Rombongan APKASI yang berjumlah enam orang tersebut datang untuk bersilaturahmi sekaligus memaparkan rencana kerja sama bidang pendidikan. Didampingi Kepala Dinas Pendidikan dan Kebudayaan (Disdikbud) Kutim, Mulyono, tim ini juga datang untuk memberikan workshop Bahasa Inggris praktis dan pembelajaran yang menyenangkan bagi guru.
Ardiansyah Sulaiman mengaku antusias mendengarkan paparan dari APKASI yang berhubungan dengan pendidikan. Apalagi ini sejalan dengan rencananya untuk terus memajukan sektor pendidikan di Kutim. "Saya sekarang lebih senang banyak mendengarkan karena program ini menarik untuk dunia pendidikan di Kutim," katanya.
Paparan pertama disampaikan perwakilan APKASI, Imah perihal program Beasiswa Indonesia Emas-Daerah (BIE-D) yang menyasar berbagai kalangan di Kutim dan melibatkan Yayasan Pendidikan Adiluhung Nusantara.
Program ini tentunya mengutamakan peningkatan kualitas guru dalam pembelajaran, khususnya bagi para Aparatur Sipil Negara (ASN). Dengan blended learning atau metode yang menggabungkan antara pembelajaran daring (online) dengan tatap muka (offline).
"Selain program beasiswa, ada juga program Bahasa Inggris praktis dan pembelajaran yang menyenangkan. Program ini telah berjalan di banyak daerah di Indonesia," kata Imah.
Program tersebut mendapat tanggapan positif dari Gubernur Kaltim, Isran Noor saat masih menjabat agar segera diimplementasikan. Tapi, karena berubah kepemimpinan dan belum sempat melaksanakan Memorandum of Understanding (MoU), maka program tersebut tertunda.
Disdikbud Kutim pun merespon positif program tersebut, khusus beasiswa dan peran APKASI hanya memfasilitasi agar Kutim mendapatkan kuota jumlah peserta beasiswa. Sebab, jumlahnya terbatas di seluruh Indonesia.

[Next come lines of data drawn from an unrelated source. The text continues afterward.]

Definition wf (D : diagram) : bool :=
  let evs := flatten D in
  all (fun e =>
    [&& count (fun e' => (ev_lab e' == ev_lab e) && ev_over e') evs == 1,
        count (fun e' => (ev_lab e' == ev_lab e) && ~~ ev_over e') evs == 1 &
        all (fun e' => (ev_lab e' == ev_lab e) ==> (ev_sgn e' == ev_sgn e)) evs])
    evs.

Definition citem := (nat + event)%type.
Definition context := seq (seq citem).

Definition fill (C : context) (f : nat -> seq event) : diagram :=
  map (fun c => flatten (map (fun it => match it with
                                        | inl k => f k
                                        | inr e => [:: e] end) c)) C.

Definition holes_ok (m : nat) (C : context) : Prop :=
  forall k, count (fun it => it == inl k) (flatten C) = (k < m)%N.

(* Replace, inside m small disjoint arcs (the holes), the local pictures
   [before k] by [after k]; both diagrams must be well formed (this forces
   the labels of the local crossings to be fresh). *)
Definition local_step (m : nat) (before after : nat -> seq event)
    (D D' : diagram) : Prop :=
  exists C : context, [/\ holes_ok m C, D = fill C before, D' = fill C after,
                          wf D & wf D'].

Definition rot_step (D D' : diagram) : Prop :=
  exists i k, [/\ (i < size D)%N, wf D &
    D' = set_nth [::] D i (rot k (nth [::] D i))].

Definition relabel_step (D D' : diagram) : Prop :=
  exists f : nat -> nat, [/\ injective f, wf D &
    D' = map (map (fun e : event => (f (ev_lab e), ev_over e, ev_sgn e))) D].

(** * Welded Reidemeister moves on Gauss diagrams
    (VR1-VR4 are invisible in Gauss diagrams.) *)

Definition R1_step (D D' : diagram) : Prop :=
  exists l o s, local_step 1 (fun _ => [::])
                  (fun _ => [:: (l, o, s); (l, ~~ o, s)]) D D'.

(* R2: a bigon; both over passages adjacent on one arc (hole 0), both under
   passages adjacent on another arc (hole 1), in the same order (parallel
   strands) or in the reverse order (antiparallel); opposite signs. *)
Definition R2_step (D D' : diagram) : Prop :=
  exists l1 l2 s (r : bool), local_step 2 (fun _ => [::])
    (fun k => if k == 0 then [:: (l1, true, s); (l2, true, ~~ s)]
              else (if r then rev else id) [:: (l1, false, s); (l2, false, ~~ s)])
    D D'.

(* R3: three oriented lines in the plane, in the fixed model
     L0 : y = 0, direction (1,0);  L1 : x = 0, direction (0,1);
     L2 : through (0,c), direction (1,1),
   each oriented by o i (true = the given direction, false = its opposite),
   with pairwise distinct heights h i (larger = higher).  The move slides L2
   from c = -1 to c = 1 across L0 /\ L1.  Every R3 configuration is of this
   form up to relabelling of the strands, orientations and direction of the
   move (a reflection of the plane is such a relabelling + reversal). *)
Section R3.
Variables (h : nat -> nat) (o : nat -> bool) (l01 l02 l12 : nat).

Definition r3_lab (i j : nat) : nat :=
  if [|| (i == 0) && (j == 1) | (i == 1) && (j == 0)] then l01
  else if [|| (i == 0) && (j == 2) | (i == 2) && (j == 0)] then l02 else l12.

(* sign of det(D a, D b) for the base directions D0 = (1,0), D1 = (0,1),
   D2 = (1,1): positive exactly for (0,1), (0,2), (2,1) *)
Definition detpos (a b : nat) : bool :=
  [|| (a == 0) && (b == 1), (a == 0) && (b == 2) | (a == 2) && (b == 1)].

Definition r3_sgn (i j : nat) : bool :=
  let ov := if (h j < h i)%N then i else j in
  let un := if (h j < h i)%N then j else i in
  (o ov == o un) == detpos ov un.

Definition r3_ev (i j : nat) : event := (r3_lab i j, (h j < h i)%N, r3_sgn i j).

(* order of the two crossings along each oriented line for c = -1:
   along L0: L1 at 0, L2 at o0;  along L1: L0 at 0, L2 at -o1;
   along L2: L0 at o2, L1 at 0 (oriented parameters, o = +-1). *)
Definition r3_before (i : nat) : seq event :=
  if i == 0 then (if o 0 then [:: r3_ev 0 1; r3_ev 0 2] else [:: r3_ev 0 2; r3_ev 0 1])
  else if i == 1 then (if o 1 then [:: r3_ev 1 2; r3_ev 1 0] else [:: r3_ev 1 0; r3_ev 1 2])
  else (if o 2 then [:: r3_ev 2 1; r3_ev 2 0] else [:: r3_ev 2 0; r3_ev 2 1]).

Definition r3_after (i : nat) : seq event := rev (r3_before i).
End R3.

Definition R3_step (D D' : diagram) : Prop :=
  exists h o l01 l02 l12,
    [/\ h 0 != h 1, h 0 != h 2, h 1 != h 2 &
        local_step 3 (r3_before h o l01 l02 l12) (r3_after h o l01 l02 l12) D D'].

Definition OC_step (D D' : diagram) : Prop :=
  exists l1 l2 s1 s2, local_step 1 (fun _ => [:: (l1, true, s1); (l2, true, s2)])
                                   (fun _ => [:: (l2, true, s2); (l1, true, s1)]) D D'.

Definition welded_step (D D' : diagram) : Prop :=
  rot_step D D' \/ relabel_step D D' \/ R1_step D D' \/ R2_step D D'
  \/ R3_step D D' \/ OC_step D D'.

(* Hole 0 is the arc a, hole 1 the arc b.  In (sigma tau)^n every classical
   crossing has b over a and the same local picture, hence the same sign;
   [eps] is this sign (it depends on the drawing of sigma, so we keep it as a
   parameter).  Along a the crossings are met in the order 1..n; along b
   also 1..n when a,b are parallel (V^n), and n..1 when b is reversed
   (Vbar^n); reversing b also flips every crossing sign, so the Vbar^n move
   drawn with the same sigma has sign ~~ eps. *)
Definition Vn_step (n : nat) (eps : bool) (D D' : diagram) : Prop :=
  exists l : nat -> nat, local_step 2 (fun _ => [::])
    (fun k => if k == 0 then [seq (l i, false, eps) | i <- iota 0 n]
              else [seq (l i, true, eps) | i <- iota 0 n]) D D'.

Definition Vbarn_step (n : nat) (eps : bool) (D D' : diagram) : Prop :=
  exists l : nat -> nat, local_step 2 (fun _ => [::])
    (fun k => if k == 0 then [seq (l i, false, ~~ eps) | i <- iota 0 n]
              else rev [seq (l i, true, ~~ eps) | i <- iota 0 n]) D D'.

Definition welded_plus (M : diagram -> diagram -> Prop) : diagram -> diagram -> Prop :=
  clos_refl_sym_trans diagram (fun D D' => welded_step D D' \/ M D D').

From Stdlib Require Import Relations.Relation_Operators.
From mathcomp Require Import all_boot zify.
Set Implicit Arguments. Unset Strict Implicit. Unset Printing Implicit Defensive.

(* A V^n or Vbar^n move adds n crossings between the arcs a and b, all with
   their under passage on a and their over passage on b; along b only over
   passages are met, so OC reorders them freely.  Apply to the result of one
   move the other move, with the opposite sign and fresh crossings m_1..m_n
   placed right after l_1..l_n on a.  After reordering b by OC, the pairs
   (l_i, m_(n+1-i)) form n nested bigons, which R2 removes: the diagram before
   the first move is reached.  So either move is a welded move sequence
   followed by the inverse of the other move. *)

Definition fill_item (f : nat -> seq event) (it : citem) : seq event :=
  match it with inl k => f k | inr e => [:: e] end.

Definition fill_arc (f : nat -> seq event) (c : seq citem) : seq event :=
  flatten (map (fill_item f) c).

Definition fill2 (C : context) (A B : seq event) : diagram :=
  fill C (fun k => if k == 0 then A else B).

Definition labels (D : diagram) : seq nat := map ev_lab (flatten D).

Lemma fill_arc_cat f s t : fill_arc f (s ++ t) = fill_arc f s ++ fill_arc f t.
Proof. by rewrite /fill_arc map_cat flatten_cat. Qed.

Lemma fill_arc_inr f s : fill_arc f (map inr s) = s.
Proof. by elim: s => //= e s IH; rewrite /fill_arc /= -/(fill_arc _ _) IH. Qed.

Lemma flatten_fill C f : flatten (fill C f) = fill_arc f (flatten C).
Proof. by elim: C => //= c C ->; rewrite fill_arc_cat. Qed.

Lemma eq_fill C f g : f =1 g -> fill C f = fill C g.
Proof. by move=> fg; apply: eq_map => c; congr flatten; apply: eq_map => [[k|e]] /=. Qed.

Lemma sumn_holes2 C (G : citem -> nat) : holes_ok 2 C -> (forall e, G (inr e) = 0) ->
  sumn (map G (flatten C)) = G (inl 0) + G (inl 1).
Proof.
move=> HC G0.
have holesC : perm_eq (filter is_inl (flatten C)) [:: inl 0; inl 1].
  apply/allP => it _; rewrite /= count_filter.
  case: it => [k|e].
    rewrite (@eq_count _ _ (pred1 (inl k))) => [|it /=]; last by case: eqP => // ->.
    by rewrite (HC k); case: k => [|[|k]].
  by rewrite (@eq_count _ _ pred0) ?count_pred0 // => it /=; case: eqP => // ->.
have -> : sumn (map G (flatten C)) = sumn (map G (filter is_inl (flatten C))).
  by elim: (flatten C) => //= [[k|e] s ->] /=; rewrite ?G0.
by rewrite (perm_sumn (perm_map G holesC)) /= addn0.
Qed.

Lemma count_fill_arc p f c : count p (fill_arc f c) =
  count p (fill_arc (fun _ => [::]) c)
  + sumn [seq (if it is inl k then count p (f k) else 0) | it <- c].
Proof.
elim: c => [|it c IH] //.
rewrite /fill_arc /= -/(fill_arc f c) -/(fill_arc _ c) !count_cat IH.
by case: it => [k|e] /=; rewrite add0n; [rewrite addnCA | rewrite addnA].
Qed.

Lemma perm_flatten_fill2 C A B : holes_ok 2 C ->
  perm_eq (flatten (fill2 C A B)) (flatten (fill2 C [::] [::]) ++ A ++ B).
Proof.
move=> HC; apply/permP => p; rewrite !count_cat !flatten_fill.
rewrite (count_fill_arc p (fun k => if k == 0 then A else B)).
rewrite (count_fill_arc p (fun k => if k == 0 then [::] else [::])).
by rewrite !sumn_holes2 //= !addn0.
Qed.

Lemma fill2_nil C : fill C (fun _ => [::]) = fill2 C [::] [::].
Proof. by apply: eq_fill => k; case: (k == 0). Qed.

Definition wf_seq (evs : seq event) : bool :=
  all (fun e =>
    [&& count (fun e' => (ev_lab e' == ev_lab e) && ev_over e') evs == 1,
        count (fun e' => (ev_lab e' == ev_lab e) && ~~ ev_over e') evs == 1 &
        all (fun e' => (ev_lab e' == ev_lab e) ==> (ev_sgn e' == ev_sgn e)) evs])
    evs.

Lemma wfE D : wf D = wf_seq (flatten D). Proof. by []. Qed.

Lemma wf_seq_perm s t : perm_eq s t -> wf_seq s = wf_seq t.
Proof.
move=> st; rewrite /wf_seq (perm_all _ st); apply: eq_all => e.
by rewrite !(permP st) (perm_all _ st).
Qed.

Definition under_pass (s : bool) (x : nat) : event := (x, false, s).
Definition over_pass (s : bool) (x : nat) : event := (x, true, s).

Lemma wf_seq_arrow_cons x s E :
  wf_seq (under_pass s x :: over_pass s x :: E) = (x \notin map ev_lab E) && wf_seq E.
Proof.
rewrite /wf_seq /under_pass /over_pass /ev_lab /ev_over /ev_sgn /=.
rewrite !eqxx !andbT !andbF !add0n !add1n !eqSS.
have [xE | xE] := boolP (x \in [seq e.1.1 | e <- E]).
  case/mapP: xE => e eE ->.
  have met (p : pred event) : p e ->
      count (fun e' : event => (e'.1.1 == e.1.1) && p e') E == 0 = false.
    by move=> pe; apply/negbTE; rewrite -lt0n -has_count; apply/hasP; exists e; rewrite /= ?eqxx.
  case eb: e.1.2; first by rewrite (met (fun e' => e'.1.2)).
  by rewrite (met (fun e' => ~~ e'.1.2)) /= ?andbF ?eb.
have other e : e \in E -> (x == e.1.1) = false.
  by move=> eE; apply: contraNF xE => /eqP ->; apply: map_f.
have unmet (p : pred event) : count (fun e' : event => (e'.1.1 == x) && p e') E = 0.
  by apply/eqP; rewrite -leqn0 leqNgt -has_count; apply/hasPn => e /other; rewrite eq_sym => ->.
rewrite (unmet (fun e => e.1.2)) (unmet (fun e => ~~ e.1.2)) /=.
have -> : all (fun e' : event => (e'.1.1 == x) ==> (e'.2 == s)) E.
  by apply/allP => e /other; rewrite eq_sym => ->.
by apply: eq_in_all => e /other ->.
Qed.

Definition arrows (ps : seq (nat * bool)) : seq event :=
  flatten [seq [:: under_pass p.2 p.1; over_pass p.2 p.1] | p <- ps].

Lemma arrows_cat ps qs : arrows (ps ++ qs) = arrows ps ++ arrows qs.
Proof. by rewrite /arrows map_cat flatten_cat. Qed.

Lemma wf_seq_arrows ps E : wf_seq (arrows ps ++ E) =
  [&& uniq (map fst ps), all (fun p => p.1 \notin map ev_lab E) ps & wf_seq E].
Proof.
elim: ps => //= [[x s] ps IH]; rewrite wf_seq_arrow_cons IH map_cat mem_cat negb_or.
have -> : (x \in map ev_lab (arrows ps)) = (x \in map fst ps).
  by elim: ps {IH} => //= p ps IH; rewrite !inE -IH orbA orbb.
by case: (x \in map fst ps); case: (x \in map ev_lab E); rewrite /= ?andbF.
Qed.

Selanjutnya, kata Imah, APKASI akan memberikan pendampingan selama 2,5 bulan kepada setiap calon peserta beasiswa agar terpilih atau lulus seleksi sebagai penerima. Pasca kelulusan, alumninya juga akan mendapatkan sertifikat.
"Ada sertifikasi sesuai program hilirisasi yang dituju, para lulusan akan bisa langsung bekerja," sambungnya.
ASN pun dapat mengikuti perkuliahan dengan hanya separuh waktu belajar reguler karena pengalaman bekerja dapat di konversi menjadi Satuan Kredit Semester (SKS).
Kuliah dilaksanakan online dan apabila jumlah mahasiswa cukup atau lebih banyak, maka dosennya yang akan datang ke Kutim. Seluruh rencana program kerja sama tersebut dijelaskan rinci kepada Bupati Kutim hingga pada skema pembiayaannya.
Imah menyebut empat perguruan tinggi penyelenggara Rekognisi Pembelajaran Lampau (RPL) yang direkomendasi, yaitu Universitas Negeri Yogyakarta, Universitas Negeri Semarang, Universitas Pendidikan Indonesia dan Universitas Negeri Jakarta.